Середина девятнадцатого века.
Мне исковеркал жизнь талант двойного зренья…
Середина двадцатого.
Флоренского, впрочем, более занимала творческая природа этой двойственности. И в его размышлениях о снах возникают переклички с поэтом-современником (который, вспомню/напомню, включил философа в число “Председателей Земного Шара”).
“…За короткое, по внешнему измерению со стороны, время можно пережить во сне часы, месяцы, даже годы, а при некоторых обстоятельствах — века и тысячелетия”.
В повести Хлебникова “Ка” для героя “нет застав во времени”, он “ходит из снов в сны, пересекает время и достигает бронзы (бронзы веков)”…
Не эта ли почувствованная Хлебниковым “возможность времени течь с бесконечной быстротою — и даже, при переходе через бесконечную скорость, получать обратный смысл своего течения, обращаться от следствия к причинам”, подтолкнула Хлебникова к исследованиям “законов времени”, к попыткам “поверить алгеброй гармонию” наших представлений о “трех китах” историософии — настоящем, былом и будущем?..

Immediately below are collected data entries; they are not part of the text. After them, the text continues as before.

Lemma torsion_disjoint R1 R2 v : (forall C, cls C -> R1 C -> R2 C -> False) ->
  torsion R1 v -> torsion R2 v -> Z v.
Proof.
move=> dis [l1 [hl1 k1]] [l2 [hl2 k2]].
have [x [y [hx hy e]]] := block_ideals_comaximal dis hl1 hl2.
by rewrite -[v]act1 -e actDl; apply: submoduleD; [apply: k1 | apply: k2].
Qed.

Lemma in_block_torsion_class R C v : cls C -> in_block G act Z C v -> ~ Z v ->
  torsion R v -> R C.
Proof.
move=> hC hCv hv hRv; apply: NNPP => hRC; apply: hv.
apply: (torsion_disjoint (R1 := eq C)) hRv; first by move=> C' _ <-.
exact: in_block_torsion hCv.
Qed.

End Submodule.
End Module.

(** * The left regular module *)

Hypothesis HCb : HC_block_subalgebra G sim.

Local Notation mulA := (fun a x : A => a * x).

Lemma regular_Amodule : is_Amodule mulA.
Proof.
split=> [a c u v|c a b v|v|a b v]; rewrite ?mul1r ?mulrA //.
  by rewrite mulrDr scalerAr.
by rewrite mulrDl scalerAl.
Qed.

Lemma left_ideal_gen_submodule J : is_submodule mulA (left_ideal_gen J).
Proof.
split=> [|c u v hu hv|a v]; first exact: ideal_mul0.
  by apply: ideal_mulD => //; rewrite -[u]mul1r scalerAl; apply: left_ideal_genMl.
exact: left_ideal_genMl.
Qed.

(* Decompose [b] in the block module [A / A m], then multiply on the right by [y]. *)
Lemma regular_quotient_torsion B m l b y : cls B -> B m -> ideal_prod G l y ->
  torsion mulA (left_ideal_gen (ideal_prod G (m :: l))) (prec G sim B) (b * y).
Proof.
move=> hB hBm hy; have hm := class_ideal hB hBm.
set Z := left_ideal_gen _.
have HZ : is_submodule mulA Z := left_ideal_gen_submodule _.
have Zmul z : left_ideal_gen m z -> Z (z * y) by move=> hz; apply: left_ideal_gen_mulr hz hy.
have [|t [ht zt]] := @HCb B hB [:: m] _ b I; first by move=> m' [<-|[]].
rewrite ideal_prod1 // in ht zt.
apply: (torsion_eqmod regular_Amodule HZ (v := \sum_(w <- t) w * y)).
  by rewrite -mulr_suml -mulrBl; apply: Zmul.
apply: (torsion_sum regular_Amodule HZ) => w /ht [_ [C [hC [lw [hlw kw]]]]].
have hCw : in_block G mulA (left_ideal_gen m) C w by exists lw.
case: (classic (Z (w * y))) => [hz|hnz]; first exact: torsion_submodule HZ _ _ hz.
apply: (in_block_torsion (C := C)) => //.
  apply: rt_step; split=> //; exists m; split=> //; exists w; split=> //.
  by move=> /Zmul.
by exists lw; split=> // x /kw hx; rewrite /= mulrA; apply: Zmul.
Qed.

Lemma regular_quotient_block_prec B l C a : cls B -> (forall m, List.In m l -> B m) -> cls C ->
  in_block G mulA (left_ideal_gen (ideal_prod G l)) C a ->
  ~ left_ideal_gen (ideal_prod G l) a -> prec G sim B C.
Proof.
move=> hB; elim: l => [|m l IH] hl hC hCa hna; first by case: hna; apply: left_ideal_gen_G.
have hBm : B m := hl m (or_introl erefl).
have hl' m' : List.In m' l -> B m' by move=> hm'; apply: hl; right.
case: (classic (left_ideal_gen (ideal_prod G l) a)) => [haP|haP]; last first.
  apply: IH hl' hC _ haP; apply: in_blockS hCa.
  by move=> x; apply: left_ideal_genS => y; apply: (@ideal_prod_catr [:: m]).
have HZ := left_ideal_gen_submodule (ideal_prod G (m :: l)).
apply: (in_block_torsion_class regular_Amodule HZ) hC hCa hna _.
clear IH; move: a haP; apply: ideal_mul_ind => [|x y|b y _ hy].
- exact: torsion_submodule HZ _ _ (ideal_mul0 _ _).
- by move=> hx hy; apply: (torsionD regular_Amodule HZ hx hy).
- exact: regular_quotient_torsion.
Qed.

Сказанное о сне, о разноте снов, уводящих из яви и возвращающих в нее, Флоренский органически проецирует (“с небольшими изменениями”, оговаривает он) на всякий переход из сферы в сферу, прежде всего, на художественное творчество. Он говорит, что подымающее художника вдохновение, подобно восходящему сну, несет с собой хаотические впечатления пережитого, “психологизм” и “накипь души”, и следы всего этого, как бы искусно и мастерски ни было разработано и выстроено сочинение, в нем неизгладимы. В то время как свободный выдох, этот нисходящий, предутренний сон, дает в действительных, то бишь символических, образах “иной опыт”, в образах, которые, “будучи закреплены, дают художественное произведение”. Потому что “художество есть оплотневшее сновидение”…
Он говорит о вдохе и выдохе, о дыхании художника, мимоходом выявляя половинчатость привычного в разговорах об искусстве, “благозвучного” слова вдохновение.
Тогда, при первом чтении “Иконостаса”, и посетила меня мысль о том, как могла бы выглядеть книга избранных сочинений утреннего Хлебникова, попытка проследить струение таких стихов через полтора десятка лет его стихописания.
В ту пору об издании такой книги, разумеется, и речь не зашла бы, однако ничто не мешало думать о ней, листая тома Собрания сочинений и “Неизданного Хлебникова”…
В юности Хлебников начал изучать японский язык. Откликнулся на то, что охватившее культурную Европу увлечение японскими искусством и поэзией докатилось и до России. Не выучил. Но для интуиции дотошность необязательна. Одно из самых ранних из дошедших до нас его стихотворений, если условно перестроить его в пятистишье (что нетрудно сделать), обнаруживает явственные признаки японской танки, ее скупой на эпитеты прозрачный лаконизм.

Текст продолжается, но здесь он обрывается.